Booked Mayo for My Son - Now Frightened

Hi @devsmaj, I wanted to check in and see how you are doing. Did you get your appointment sorted out?

Hi my son is 27 years old and has been mayo clinic patient for 24 years. He has rare genetic disorde diagnosed at mayo clinic. Nobody else could diagnose him. S I have been through so many mayo clinic departments. What you get is the best doctors in multiple specialties that talk to each other. So I think its good to come down and go through the consultations and testing. Sometimes the answers take awhile to emerge. But they don't give up even after you have gone home. When you are a patient at mayo clinic you are automatically involved in research too because all the doctors are involved in research. They might talk about your case at a seminar to ask for help. If you don't get the answer the first time then plan on making a follow-up appointment. There's often follow-ups at regular intervals. I follow-up in endocrinology, ophthalmology, and sleep medicine. My son has follow up in ophthalmology, cardiology, and medical genetics. I do think they try to relieve symptoms and stabilize patient suffering. Then they try to heal. If they can't heal then they treat the symptoms to increase quality of life. You can certainly expect that they follow the gold standard in whatever treatment they provide.

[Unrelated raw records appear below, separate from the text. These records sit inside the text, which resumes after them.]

Lemma prob_not_CC_X_le (R : realFieldType) (z : nat)
    (dec : {ffun BB -> bool} -> {ffun BB -> bool}) (mu : {ffun {ffun BB -> bool} -> R}) (s : R) :
  (0 < z)%N -> (forall v : V, gx_vertex v -> (#|[set w | gx_adj HX v w]| <= z)%N) ->
  min_weight_decoder HX HZ dec -> (forall w, 0 <= mu w) -> local_stochastic mu (s ^+ 2) ->
  0 <= s -> 8 * z%:R * s <= 1 ->
  prob mu (fun eta => not_CC_X HX eta (dec eta)) <= mx%:R * ((8 * z%:R * s) ^+ T / (2 * z%:R)).
Proof.
move=> z_gt0 Hz Hdec mu0 Hls s0 r1.
pose W (i : 'I_mx * ({set V} * {set V})) := witness i.1 i.2.1 i.2.2.
apply: le_trans (prob_union_le mu0 (P := W)
  (E := fun i eta => i.2.2 \subset [set w | valB eta w]) (fun eta => not_CC_X_witness Hdec)) _.
apply: le_trans (_ : \sum_(i | W i) (s ^+ 2) ^+ #|i.2.2| <= _).
  apply: ler_sum => -[c [C S]] /and5P[_ _ CB SC _].
  exact: prob_valB_cover_le mu0 Hls (subset_trans SC CB).
have -> : \sum_(i | W i) (s ^+ 2) ^+ #|i.2.2| =
          \sum_(c < mx) \sum_(j : {set V} * {set V} | witness c j.1 j.2) (s ^+ 2) ^+ #|j.2|.
  by rewrite pair_big_dep; apply: eq_big => [[c j]|[c j] _].
apply: le_trans (ler_sum _ (fun c _ => sum_witness_le c z_gt0 Hz s0 r1)) _.
by rewrite sumr_const card_ord -[_ *+ mx]mulr_natl.
Qed.

End Witness.

Lemma sqrt_div_invsqr (R : rcfType) (p K : R) :
  0 <= p -> 0 <= K -> Num.sqrt (p / (K ^+ 2)^-1) = K * Num.sqrt p.
Proof. by move=> p0 K0; rewrite invrK sqrtrM // sqrtr_sqr ger0_norm // mulrC. Qed.

Theorem lemma5p2 (R : rcfType) (n mx mz T l : nat)
    (HX : 'M['F_2]_(mx, n)) (HZ : 'M['F_2]_(mz, n))
    (Hcss : css_code HX HZ) (Hldpc : ldpc l HX HZ) (HT : (1 <= T)%N)
    (z : nat)
    (Hz : forall v : vtx n mx mz T, gx_vertex v ->
            (#|[set w | gx_adj HX v w]| <= z)%N)
    (dec : {ffun Bulk n mx mz T -> bool} -> {ffun Bulk n mx mz T -> bool})
    (Hdec : min_weight_decoder HX HZ dec)
    (mu : {ffun {ffun Bulk n mx mz T -> bool} -> R}) (p : R)
    (Hmu : is_distr mu) (Hp0 : 0 <= p) (Hls : local_stochastic mu p) :
  let p0 : R := ((8 * z)%:R ^+ 2)^-1 in
  p < p0 ->
  prob mu (fun eta => not_CC_X HX eta (dec eta))
    <= mx%:R * (Num.sqrt (p / p0)) ^+ T / (1 - Num.sqrt (p / p0)).
Proof.
move=> p0 p_lt; have mu0 : forall w, 0 <= mu w by case: Hmu.
have z_gt0 : (0 < z)%N.
  rewrite lt0n; apply/eqP => z0; move: p_lt; rewrite /p0 z0 muln0 expr0n invr0.
  by move/(le_lt_trans Hp0); rewrite ltxx.
have p0_gt0 : 0 < p0 by rewrite invr_gt0 exprn_gt0 // ltr0n muln_gt0.
have r_lt1 : Num.sqrt (p / p0) < 1 by rewrite -sqrtr1 ltr_sqrt // ltr_pdivrMr // mul1r.
have r_ge0 := sqrtr_ge0 (p / p0).
rewrite [Num.sqrt _]sqrt_div_invsqr ?ler0n // natrM in r_lt1 r_ge0 *.
rewrite -(sqr_sqrtr Hp0) in Hls.
apply: le_trans (prob_not_CC_X_le z_gt0 Hz Hdec mu0 Hls (sqrtr_ge0 p) (ltW r_lt1)) _.
rewrite -[X in _ <= X]mulrA ler_wpM2l // ler_wpM2l ?exprn_ge0 //.
have z_ge1 : 1 <= z%:R :> R by rewrite ler1n.
apply: (@le_trans _ _ 1); first by rewrite invf_le1; lra.
by rewrite invf_ge1; lra.
Qed.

I also recommend some of the longer stay hotels that have a weekly rate. Most small hotels share a shuttle service to Mayo and St. Marys. Get a room with a kitchen and cook your meals. This will cut down your costs. I often stay overnight when I have follow up and I always get moderate priced rooms.

I completely agree. My 24 year old has CG, we spent 12 days in MN, and I cannot say more about the high quality treatment, thoroughness, and deep care each dr gave us. I think we saw someone in every department but worth what was to be a 5 day stay to a 12 day.

iWhat are his symptoms? Hospitals in Boston are suppose to be good if you can stand Boston people.

@devsmaj l know it's hard when you can't get the answers you want and you keep pursuing but the Mayo Clinic was the best place l have been too. And l have been fighting with medical conditions for awhile. Matter affect l just came back it will be a week tomorrow. I saw the gasternologist and he was the one that told me about what was going on while my doctors was misdiagnosing me. Matter of fact all the diagnoses the mayo clinic ruled out in my home state they are all of a sudden coming back. And they can keep all my diagnoses straight. I go to the doctors office or maybe went to the hospital the doctor discharges me and it says one thing and then they put something different to my insurance. I will question the doctors and they can't answer. This has even been done at the hospital my daughter works at. So l think you really will like the Mayo Clinic. The doctors are concerned about the patient and the make sure you understand. The doctors l went to never rushed me out. I pray you get the help and answers for your son and especially feel peace.

I would be nervous if I I had to come up with 7000.00. Have you heard of medium accurate ligament disease support group (MALS) on Facebook? Many of us with this rare condition have found ourselves in the same situation. I personally would cut the chase and get a local gastric doctor for a referral to a vascular specialist and have an angiogram done. If I would of known about MALS years ago it would of saved me a lot of money and peace. An angiogram is the only way to diagnose this. I am not a doctor but I would highly suggest check out this group and weigh all options before forking over all that money. Good luck with whatever you do. I hope you get some definate results so you can go on from there.